The game is Seismic Duck, which I recently rewrote it for Windows platforms. It's a complete rewrite of something I wrote for Macs in the mid 1990s. It's a freeware game about reflection seismology, which is imaging underground structures by sending soundwaves into the ground and interpreting the echos. The program teaches the topic by letting the user experiment interactively. It sounds technical, but even children "get it" after playing with it a while. I'm fond of writing games based on peculiar subjects. For example, Frequon Invaders is a Fourier transform game. Reflection seismology is a subject I worked on at Shell in the early 1990s.

This article series is about how and why Seismic Duck was parallelized with Intel Threaded Building Blocks (TBB) differently than a related demo in the TBB distribution. Seismic Duck runs three independent core computations:

- Seismic wave propagation and rendering.
- Gas/oil/water flow through a reservoir and rendering.
- Seismogram rendering.

I run all three in parallel, using **tbb::parallel_invoke**, and vectorize the code where I can. At a high level, it follows the Three Layer Cake pattern (of which I'm one of the authors.) However, that level of parallelism was not enough to get a good animation speed on my machine. The bottleneck was the wave propagation simulation, which is the focus of this article series.

Some background on the numerical simulation of waves is necessary. I used the popular "staggered grid" finite-difference time-domain (FDTD) method. There are five 2D arrays, each representing a scalar field over a 2D grid. Three of the arrays represent variables that step through time. The other two represent rock properties. The arrays are:

**B[i][j]**. A constant array with vertex centered values. It's constant in the sense that it changes only when the subsurface geology changes.**A[i][j]**. A constant array with vertex-centered values related to rock properties. The FDTD method actually requires the edge-centered values, but that would double the memory bandwidth for reading it, because for each interior grid point there is a horizontal edged and a vertical edge. As shown later, memory bandwidth, not computation, is the bottleneck. So to reduce memory references, edge-centered values are computed by averaging the two nearest vertex-centered values. Doing so saves memory references because there twice as many edges as vertices. The vertices actually store 1/2 their physical value, so that each edge value can be computed as the sum of its two endpoint values.**U[i][j]**. A variable array with vertex-centered values representing how much the rock is compressed at that point. It is variable in the sense that it changes for every time step.**Vx[i][j], Vy[i][j]**. Two variable arrays that represent the x and y component of the point's velocity. This should not to be confused with the velocity of sound through the rock. These two grids are edge-center.**Vx[i][j]**represents a physical value between grid points**[i][j]**and**[i][j+1]**.**Vy[i][j]**represents a physical value between grid points points**[i][j]**and**[i+1][j]**.

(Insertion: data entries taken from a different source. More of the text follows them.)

(* Let $X$ and $Y$ be topological spaces, let $f: X \to X$ and $g: Y \to Y$ be maps, and let $\Phi: X \to \mathbb{R}^n$ and $\Psi: Y \to \mathbb{R}^n$ be probe functions. Suppose $h: X \to Y$ is continuous and surjective with $h \circ f = g \circ h$, and that $h$ is descriptively continuous. If the set of descriptive periodic objects of $f$ (with respect to $\Phi$) is dense in $X$, then the set of descriptive periodic objects of $g$ (with respect to $\Psi$) is dense in $Y$.
   Context: A probe function is an arbitrary function into $\mathbb{R}^n$; for $A \subseteq X$ write $\Phi(A) = \{\Phi(a) : a \in A\}$. Subsets $A, B \subseteq X$ are descriptively near, written $A \,\delta_{\Phi}\, B$, if $\Phi(A) \cap \Phi(B) \neq \emptyset$ (similarly $\delta_{\Psi}$ on $Y$). The map $h$ is descriptively continuous if $A \,\delta_{\Phi}\, B$ implies $h(A) \,\delta_{\Psi}\, h(B)$ for all $A, B \subseteq X$. An object $a \in X$ is a descriptive periodic object of $f$ if $\Phi(f^m(a)) = \Phi(a)$ for some integer $m \geq 1$; analogously $y \in Y$ is a descriptive periodic object of $g$ if $\Psi(g^m(y)) = \Psi(y)$ for some integer $m \geq 1$. *)

From HB Require Import structures.
From mathcomp Require Import all_boot all_order all_algebra.
From mathcomp Require Import all_classical all_reals topology.
Set Implicit Arguments. Unset Strict Implicit. Unset Printing Implicit Defensive.
Local Open Scope classical_set_scope.

Definition descr_near (X V : Type) (Phi : X -> V) (A B : set X) : Prop :=
  Phi @` A `&` Phi @` B !=set0.

Definition descr_continuous (X Y V : Type) (Phi : X -> V) (Psi : Y -> V)
  (h : X -> Y) : Prop :=
  forall A B : set X, descr_near Phi A B -> descr_near Psi (h @` A) (h @` B).

Definition descr_periodic (X V : Type) (Phi : X -> V) (f : X -> X) (a : X) : Prop :=
  exists m : nat, (1 <= m)%N /\ Phi (iter m f a) = Phi a.

From HB Require Import structures.
From mathcomp Require Import all_boot all_order all_algebra.
From mathcomp Require Import all_classical all_reals topology.
Set Implicit Arguments. Unset Strict Implicit. Unset Printing Implicit Defensive.
Local Open Scope classical_set_scope.

(* A semiconjugacy h maps descriptive periodic objects of f to descriptive
   periodic objects of g: descriptive continuity applied to the singletons
   {f^m a} and {a} turns Phi (f^m a) = Phi a into Psi (g^m (h a)) = Psi (h a).
   Since a continuous surjection maps dense sets onto dense sets, the image
   of the dense set of periodic objects of f is dense. *)

Lemma iter_semiconj (T U : Type) (h : T -> U) (f : T -> T) (g : U -> U) :
  h \o f = g \o h -> forall k x, h (iter k f x) = iter k g (h x).
Proof.
move=> hfg; elim=> [//|k IHk] x.
by rewrite !iterS -IHk; exact: (congr1 (fun F => F (iter k f x)) hfg).
Qed.

Lemma descr_continuous_eq (X Y V : Type) (Phi : X -> V) (Psi : Y -> V)
    (h : X -> Y) (a b : X) :
  descr_continuous Phi Psi h -> Phi a = Phi b -> Psi (h a) = Psi (h b).
Proof.
move=> hd Phiab.
have [|_ [[_ [_ -> <-] <-] [_ [_ -> <-] ]]] := hd [set a] [set b].
  by exists (Phi a); split; [exists a | exists b].
by [].
Qed.

Lemma descr_periodic_semiconj (X Y V : Type) (Phi : X -> V) (Psi : Y -> V)
    (f : X -> X) (g : Y -> Y) (h : X -> Y) (a : X) :
  descr_continuous Phi Psi h -> h \o f = g \o h ->
  descr_periodic Phi f a -> descr_periodic Psi g (h a).
Proof.
move=> hd hfg [m [m_gt0 Phim]]; exists m; split=> //.
by rewrite -(iter_semiconj hfg); exact: (descr_continuous_eq hd).
Qed.

Lemma subset_dense (T : topologicalType) (A B : set T) :
  A `<=` B -> dense A -> dense B.
Proof.
move=> AB dA O O0 oO; have [x [Ox Ax]] := dA O O0 oO.
by exists x; split; [|exact: AB].
Qed.

Lemma dense_image (X Y : topologicalType) (h : X -> Y) (A : set X) :
  continuous h -> (forall y : Y, exists x : X, h x = y) ->
  dense A -> dense (h @` A).
Proof.
move=> hc hs dA O [y Oy] oO.
have [x hxy] := hs y.
have Ohx : (h @^-1` O) x by rewrite /preimage /= hxy.
have oOh : open (h @^-1` O) by apply: open_comp => // z _; exact: hc.
have [z [Ohz Az]] := dA (h @^-1` O) (ex_intro _ x Ohx) oOh.
by exists (h z); split=> //; exists z.
Qed.

Theorem lemma4 (R : realType) (n : nat) (X Y : topologicalType)
  (f : X -> X) (g : Y -> Y) (Phi : X -> 'rV[R]_n) (Psi : Y -> 'rV[R]_n)
  (h : X -> Y) :
  continuous h -> (forall y : Y, exists x : X, h x = y) -> h \o f = g \o h ->
  descr_continuous Phi Psi h ->
  dense [set a | descr_periodic Phi f a] ->
  dense [set y | descr_periodic Psi g y].
Proof.
move=> hc hs hfg hd dP.
apply: subset_dense (dense_image hc hs dP).
move=> _ [a Pa <-]; exact: (descr_periodic_semiconj hd hfg Pa).
Qed.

Figure 1 shows one square of the grid and how the array elements relate to the scalar fields. Notice how **Vx** and **Vy** are edge centered.

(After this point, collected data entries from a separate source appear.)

Lemma cstar_inf_monotone_in_D d fp gp : 0 < d -> 0 < fp -> 0 < gp ->
  forall D1 D2, 0 < D1 -> D1 <= D2 -> cstar_inf d D1 fp gp <= cstar_inf d D2 fp gp.
Proof.
  intros d_pos fp_pos gp_pos D1 D2 D1_pos D12.
  apply (is_max_on_le unit_interval (mixed_speed d D1 fp gp) (mixed_speed d D2 fp gp));
    try apply cstar_inf_is_max; try lra.
  intros t t_unit. unfold mixed_speed.
  apply c_f_le; split; try (apply mix_nonneg; auto; lra); try lra.
  apply mix_le_mix_r; assumption.
Qed.

Lemma cstar_inf_div_sqrt_is_max d D fp gp : 0 < d -> 0 < D -> 0 < fp -> 0 < gp ->
  is_max_on unit_interval (mixed_speed (d / D) 1 fp gp) (cstar_inf d D fp gp / sqrt D).
Proof.
  intros d_pos D_pos fp_pos gp_pos.
  apply (is_max_on_ext _ (fun t => mixed_speed d D fp gp t / sqrt D)).
  - intros t _. rewrite mixed_speed_div_sqrt by exact D_pos.
    rewrite Rdiv_diag by lra. reflexivity.
  - apply is_max_on_div; [apply sqrt_lt_R0, D_pos|apply cstar_inf_is_max; assumption].
Qed.

Lemma cstar_inf_div_sqrt_limit d fp gp : 0 < d -> 0 < fp -> 0 < gp ->
  exists L : R, 0 < L /\
    forall eps : R, 0 < eps -> exists M : R, 0 < M /\
      forall D : R, M < D -> Rabs (cstar_inf d D fp gp / sqrt D - L) < eps.
Proof.
  intros d_pos fp_pos gp_pos.
  destruct (mixed_speed_has_max 0 1 fp gp) as [L Lmax]; try lra.
  exists L. split.
  { apply Rlt_le_trans with (mixed_speed 0 1 fp gp 0); [|apply Lmax; unfold unit_interval; lra].
    rewrite mixed_speed_0. unfold c_g. rewrite Rmult_1_l.
    apply Rmult_lt_0_compat; [lra|apply sqrt_lt_R0, gp_pos]. }
  intros eps eps_pos.
  set (C := Rabs 0 + Rabs 1 + (Rabs fp + Rabs gp) + 1).
  assert (C_pos : 0 < C) by (unfold C; pose proof (Rabs_pos fp); pose proof (Rabs_pos gp);
                             rewrite Rabs_R0, Rabs_R1; lra).
  exists (Rmax d (4 * d * C / eps ^ 2)). split; [apply Rlt_le_trans with d; [lra|apply Rmax_l]|].
  intros D D_large.
  pose proof (Rmax_l d (4 * d * C / eps ^ 2)); pose proof (Rmax_r d (4 * d * C / eps ^ 2)).
  assert (D_pos : 0 < D) by lra.
  assert (D * (d / D) = d) by (field; lra).
  assert (ratio_le1 : d / D <= 1) by nra.
  apply Rle_lt_trans with (2 * sqrt (d / D * C)).
  - apply (is_max_on_dist _ _ _ _ _ _
             (cstar_inf_div_sqrt_is_max d D fp gp d_pos D_pos fp_pos gp_pos) Lmax).
    intros t t_unit. apply mixed_speed_dist_le; [exact t_unit|exact ratio_le1|..];
      rewrite ?Rminus_0_r, ?Rminus_diag, ?Rabs_R0, ?Rabs_pos_eq; nra.
  - apply two_sqrt_lt; [nra|exact eps_pos|].
    assert (eps ^ 2 * (4 * d * C / eps ^ 2) = 4 * d * C) by (field; lra).
    assert (0 < eps ^ 2 * (D - 4 * d * C / eps ^ 2)) by (apply Rmult_lt_0_compat; nra).
    nra.
Qed.
(** ** Back to the ellipse x^2/a^2 + y^2/b^2 = 1 *)

(** The quadratic k^2 + 2k(A+B) + 3AB = 0 has roots -(A+B) +- d with
    d = sqrt(A^2 - AB + B^2); the bound -k >= 3B selects the smaller one. *)
Lemma quadratic_root_selection A B k d : 0 < B -> B < A ->
  k ^ 2 + 2 * k * (A + B) + 3 * A * B = 0 -> 3 * B <= - k ->
  0 <= d -> d ^ 2 = A ^ 2 - A * B + B ^ 2 -> k + A + B + d = 0.
Proof.
  intros HB HAB Q Hbound Hd Hd2.
  assert (F : (k + A + B - d) * (k + A + B + d) = 0).
  { replace ((k + A + B - d) * (k + A + B + d))
      with ((k ^ 2 + 2 * k * (A + B) + 3 * A * B) + (A ^ 2 - A * B + B ^ 2) - d ^ 2) by ring.
    rewrite Q, Hd2; ring. }
  apply Rmult_integral in F as [F|F]; [|exact F].
  (* the larger root would force d <= A - 2B, but d^2 - (A-2B)^2 = 3B(A-B) > 0 *)
  exfalso; assert (d <= A - 2 * B) by lra.
  assert (d ^ 2 <= (A - 2 * B) ^ 2) by nra.
  nra.
Qed.

Lemma closed_form A B k c2 cc d : 0 < B -> B < A ->
  k ^ 2 * / A * / B + 2 * k * (/ A + / B) + 3 = 0 ->
  c2 * (k * (/ A + / B) + 2) = k * / A * / B ->
  3 * B <= - k -> cc ^ 2 = A - B -> 0 <= d -> d ^ 2 = A ^ 2 - A * B + B ^ 2 ->
  3 + 2 * k * c2 = (A + B) * (A + B - 2 * d) / cc ^ 4.
Proof.
  intros HB HAB Hquad Hsq Hbound Hcc Hd Hd2.
  assert (Q : k ^ 2 + 2 * k * (A + B) + 3 * A * B = 0).
  { replace (k ^ 2 + 2 * k * (A + B) + 3 * A * B)
      with (A * B * (k ^ 2 * / A * / B + 2 * k * (/ A + / B) + 3)) by (field; lra).
    rewrite Hquad; ring. }
  assert (C : c2 * (k * (A + B) + 2 * A * B) = k).
  { replace (c2 * (k * (A + B) + 2 * A * B))
      with (A * B * (c2 * (k * (/ A + / B) + 2))) by (field; lra).
    rewrite Hsq; field; lra. }
  pose proof (quadratic_root_selection A B k d HB HAB Q Hbound Hd Hd2) as Hroot.
  set (den := k * (A + B) + 2 * A * B) in C.
  assert (Hden : den <> 0) by (intro H0; rewrite H0 in C; lra).
  assert (Hc2 : c2 = k / den) by (rewrite <- C; field; exact Hden).
  assert (P : (3 * den + 2 * k ^ 2) * (A - B) ^ 2 = (A + B) * (A + B - 2 * d) * den).
  { replace d with (- (k + A + B)) by lra; unfold den.
    apply Rminus_diag_uniq.
    replace ((3 * (k * (A + B) + 2 * A * B) + 2 * k ^ 2) * (A - B) ^ 2
             - (A + B) * (A + B - 2 * - (k + A + B)) * (k * (A + B) + 2 * A * B))
      with (- 8 * A * B * (k ^ 2 + 2 * k * (A + B) + 3 * A * B)) by ring.
    rewrite Q; ring. }
  replace (cc ^ 4) with ((A - B) ^ 2) by (rewrite <- Hcc; ring).
  apply (Rmult_eq_reg_r ((A - B) ^ 2 * den));
    [|apply Rmult_integral_contrapositive_currified; [apply pow_nonzero; lra | exact Hden]].
  replace ((3 + 2 * k * c2) * ((A - B) ^ 2 * den)) with ((3 * den + 2 * k ^ 2) * (A - B) ^ 2)
    by (rewrite Hc2; field; exact Hden).
  rewrite P; field; lra.
Qed.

Array **Vx** and **Vy** are not only staggered halfway in space, they are staggered halfway in time. At the beginning of a time step, **Vx** and **Vy** are a half a time step behind U. The simulation advances **Vx** and **Vy** a full step, so that they become a half time step head of **U**. Then the simulation advances **U** a full time step. The algorithm is sometimes called "leap frog" because of how the arrays advance over each other in time.

The advantage of staggering and leap frogging is that it delivers results accurate to 2nd order for the cost of a 1st order approach. The update operations are beautifully simple:

forall i, j { Vx[i][j] += (A[i][j+1]+A[i][j])*(U[i][j+1]-U[i][j]); Vy[i][j] += (A[i+1][j]+A[i][j])*(U[i+1][j]-U[i][j]); } forall i, j { U[i][j] += B[i][j]*((Vx[i][j]-Vx[i][j-1]) + (Vy[i][j]-Vy[i-1][j])); }

The TBB demo "seismic" and Seismic Duck use two very different approaches to parallelizing these updates. I wrote the original versions of both. (Anton Malakhov has since made many improvements to my original TBB version.) The reason for different approaches is different purposes:

- The TBB demo is supposed to show how to use a TBB feature (
**parallel_for**) and a basic parallel pattern. I kept it as simple as possible. - Seismic Duck is written for high performance, at the expense of increased complexity. It uses several parallel patterns. It also has more ambitious numerical modeling, notably the use of perfectly matched layers to reduce artificial reflections from the simulation boundaries.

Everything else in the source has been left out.